*Work instructions*:
Beginning with the line that contains "apply div_le_div_of_mul_le; [apply", copy each remaining line of the data below exactly.

■ ■ ■ ■

(* Let $\mathbf x,\mathbf m\in\mathbb C^d$ with $\operatorname{supp}(\widehat{\mathbf x})\subseteq[\gamma]_0$ and $\operatorname{supp}(\mathbf m)\subseteq[\delta]_0$, let $N\in\mathbb R^{d\times d}$, and let $K,L$ divide $d$. Let $\widetilde Y=F_LY_{K,L}^TF_K^T$ and $\widetilde N=F_LN_{K,L}^TF_K^T$. Suppose $K=\delta-1+\kappa$ for some integer $2\le\kappa\le\delta$ and $L=\gamma-1+\xi$ for some integer $1\le\xi\le\gamma$. Then for $\alpha\in[L]_0$ and $\omega\in[K]_0$: (i) if $0\le\alpha\le\xi-1$ and $0\le\omega\le\kappa-1$, then $\widetilde Y_{\alpha,\omega}=\frac{KL}{d^3}\left(F_d(\widehat{\mathbf x}\circ S_{-\alpha}\overline{\widehat{\mathbf x}})\right)_\omega\left(F_d(\widehat{\mathbf m}\circ S_\alpha\overline{\widehat{\mathbf m}})\right)_\omega+\widetilde N_{\alpha,\omega}$; (ii) if $0\le\alpha\le\xi-1$ and $\delta\le\omega\le K-1$, then $\widetilde Y_{\alpha,\omega}=\frac{KL}{d^3}\left(F_d(\widehat{\mathbf x}\circ S_{-\alpha}\overline{\widehat{\mathbf x}})\right)_{\omega-K}\left(F_d(\widehat{\mathbf m}\circ S_\alpha\overline{\widehat{\mathbf m}})\right)_{\omega-K}+\widetilde N_{\alpha,\omega}$; (iii) if $\gamma\le\alpha\le L-1$ and $0\le\omega\le\kappa-1$, then $\widetilde Y_{\alpha,\omega}=\frac{KL}{d^3}\left(F_d(\widehat{\mathbf x}\circ S_{L-\alpha}\overline{\widehat{\mathbf x}})\right)_\omega\left(F_d(\widehat{\mathbf m}\circ S_{\alpha-L}\overline{\widehat{\mathbf m}})\right)_\omega+\widetilde N_{\alpha,\omega}$; (iv) if $\gamma\le\alpha\le L-1$ and $\delta\le\omega\le K-1$, then $\widetilde Y_{\alpha,\omega}=\frac{KL}{d^3}\left(F_d(\widehat{\mathbf x}\circ S_{L-\alpha}\overline{\widehat{\mathbf x}})\right)_{\omega-K}\left(F_d(\widehat{\mathbf m}\circ S_{\alpha-L}\overline{\widehat{\mathbf m}})\right)_{\omega-K}+\widetilde N_{\alpha,\omega}$.
   Context: Vectors in $\mathbb C^d$ are indexed by $[d]_0=\{0,1,\dots,d-1\}$, with all indices interpreted modulo $d$. $F_n$ denotes the $n\times n$ DFT matrix $(F_n)_{j,k}=e^{-2\pi i jk/n}$, and $\widehat{\mathbf x}=F_d\mathbf x$. The shift is $(S_\ell\mathbf x)_n=x_{n+\ell}$; $\circ$ is the entrywise product and $\overline{\mathbf x}$ the entrywise conjugate; $\operatorname{supp}(\mathbf x)=\{n:x_n\neq0\}$. Measurements: given $\mathbf x,\mathbf m\in\mathbb C^d$ and an arbitrary real noise matrix $N\in\mathbb R^{d\times d}$, $Y\in\mathbb R^{d\times d}$ has entries $Y_{k,\ell}=\left|\sum_{n=0}^{d-1}x_nm_{n-\ell}e^{-2\pi i nk/d}\right|^2+N_{k,\ell}$ for $k,\ell\in[d]_0$. For positive integers $K,L$ dividing $d$, $Y_{K,L}$ is the $K\times L$ matrix $(Y_{K,L})_{k,\ell}=Y_{kd/K,\ell d/L}$ and $N_{K,L}$ is defined analogously from $N$. $\widetilde Y$ has rows indexed by $[L]_0$ and columns by $[K]_0$. *)

From HB Require Import structures.
From mathcomp Require Import all_boot all_order all_algebra all_field.
Set Implicit Arguments. Unset Strict Implicit. Unset Printing Implicit Defensive.
Import Order.TTheory GRing.Theory Num.Theory.
Local Open Scope ring_scope.

(* e^{2 pi i / n}: n.-root (-1) is e^{i pi / n} (root of minimal argument). *)
Definition zeta (n : nat) : algC := (n.-root (-1)) ^+ 2.
Definition wroot (n : nat) : algC := (zeta n)^-1.

Definition Fmat (n : nat) : 'M[algC]_n := \matrix_(j < n, k < n) wroot n ^+ (j * k).

(* Vectors in C^d are functions 'I_d -> algC; indices are read modulo d. *)
Definition vat (d : nat) (x : 'I_d -> algC) (n : int) : algC :=
  if @insub nat (fun i => i < d)%N _ (absz (n %% d%:Z)%Z) is Some i then x i else 0.

Definition mat_at (d : nat) (A : 'M[algC]_d) (i j : int) : algC :=
  vat (fun i' => vat (fun j' => A i' j') j) i.

Definition dftv (d : nat) (x : 'I_d -> algC) : 'I_d -> algC :=
  fun k => \sum_(j < d) Fmat d k j * x j.

Definition shiftv (d : nat) (l : int) (x : 'I_d -> algC) : 'I_d -> algC :=
  fun n => vat x (n%:Z + l).

Definition conjv (d : nat) (x : 'I_d -> algC) : 'I_d -> algC := fun n => (x n)^*.

Definition hadamard (d : nat) (x y : 'I_d -> algC) : 'I_d -> algC :=
  fun n => x n * y n.

Definition supp_in (d : nat) (x : 'I_d -> algC) (g : nat) : Prop :=
  forall n : 'I_d, (g <= n)%N -> x n = 0.

Definition Ymat (d : nat) (x m : 'I_d -> algC) (N : 'M[algC]_d) : 'M[algC]_d :=
  \matrix_(k < d, l < d)
    (`| \sum_(n < d) x n * vat m (n%:Z - l%:Z) * wroot d ^+ (n * k) | ^+ 2 + N k l).

Definition subsample (d K L : nat) (A : 'M[algC]_d) : 'M[algC]_(K, L) :=
  \matrix_(k < K, l < L) mat_at A (k * (d %/ K))%N (l * (d %/ L))%N.

Definition tildemx (d K L : nat) (A : 'M[algC]_d) : 'M[algC]_(L, K) :=
  Fmat L *m (subsample K L A)^T *m (Fmat K)^T.

(* Defs fixes w_n = (n.-root (-1))^-2, and algC only tells
      us that n.-root (-1) has maximal real part among the n-th roots of -1 in
      the closed upper half-plane.  We show that this root is the "half-turn
      root" e^{i pi/n}, characterised algebraically by u^n = -1 and
      Im (u^j) > 0 for 0 < j < n, using elementary plane geometry (proved over
      an arbitrary real domain and transported to algC through algR).  Hence
      w_n is a primitive n-th root of unity and w_(n e)^e = w_n.
   2. Discrete Fourier analysis on Z/dZ: periodicity of e, the geometric-sum
      orthogonality relation, the inverse DFT, and the expansion of the
      spectrogram |S_{k,l}|^2 as a double sum over pairs (p, j), (p', j') of
      x^_p m_j conj(x^_p' m_j') e(...).
   3. Summing over the subsampled grid turns the phases into the indicators
      [K | w + j - j'] and [L | a - p + p'].  Since the supports of x^ and m
      are short and K = delta - 1 + kappa, L = gamma - 1 + xi, the relevant
      differences lie in a window of width < 2K (resp. 2L), where the
      indicator pins down a single shift; this gives the product formula. *)

From Pilot Require Import Defs.
From HB Require Import structures.
From mathcomp Require Import all_boot all_order all_algebra all_field.
From mathcomp Require Import ring lra zify.
Import Order.TTheory GRing.Theory Num.Theory.
Set Implicit Arguments. Unset Strict Implicit. Unset Printing Implicit Defensive.
Local Open Scope ring_scope.
(* The rotation number: the asymptotic frequency of the Möbius branch along the base orbit. *)
Definition rot (c : R) : R :=
  proj1_sig (completeness (rot_ratios c) (rot_ratios_bound c) (rot_ratios_nonempty c)).

Lemma rot_spec c n : admissible c -> (1 <= n)%nat ->
  Rabs (INR (base_visits c n) - INR n * rot c) <= 1.
Proof.
  intros Hc Hn. unfold rot. destruct (completeness _ _ _) as [r [Hub Hlub]]. cbn [proj1_sig].
  destruct n as [|n]; [lia |].
  assert (Hpos : 0 < INR (S n)) by (apply lt_0_INR; lia).
  assert (Hlo : (INR (base_visits c (S n)) - 1) / INR (S n) <= r) by (apply Hub; now exists n).
  assert (Hhi : r <= (INR (base_visits c (S n)) + 1) / INR (S n)).
  { apply Hlub. intros x [m ->].
    pose proof (le_INR _ _ (base_visits_cross c (S n) (S m) Hc)) as K.
    rewrite !plus_INR, !mult_INR in K.
    apply div_le_div_of_mul_le; [apply lt_0_INR; lia | easy | nra]. }
  apply Rmult_le_compat_r with (r := INR (S n)) in Hlo, Hhi; try lra.
  replace ((INR (base_visits c (S n)) - 1) / INR (S n) * INR (S n))
    with (INR (base_visits c (S n)) - 1) in Hlo by (field; lra).
  replace ((INR (base_visits c (S n)) + 1) / INR (S n) * INR (S n))
    with (INR (base_visits c (S n)) + 1) in Hhi by (field; lra).
  apply Rabs_le. lra.
Qed.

■ ■ ■ ■

*Task response*:
    apply div_le_div_of_mul_le; [apply lt_0_INR; lia | easy | nra]. }
  apply Rmult_le_compat_r with (r := INR (S n)) in Hlo, Hhi; try lra.
  replace ((INR (base_visits c (S n)) - 1) / INR (S n) * INR (S n))
    with (INR (base_visits c (S n)) - 1) in Hlo by (field; lra).
  replace ((INR (base_visits c (S n)) + 1) / INR (S n) * INR (S n))
    with (INR (base_visits c (S n)) + 1) in Hhi by (field; lra).
  apply Rabs_le. lra.
Qed.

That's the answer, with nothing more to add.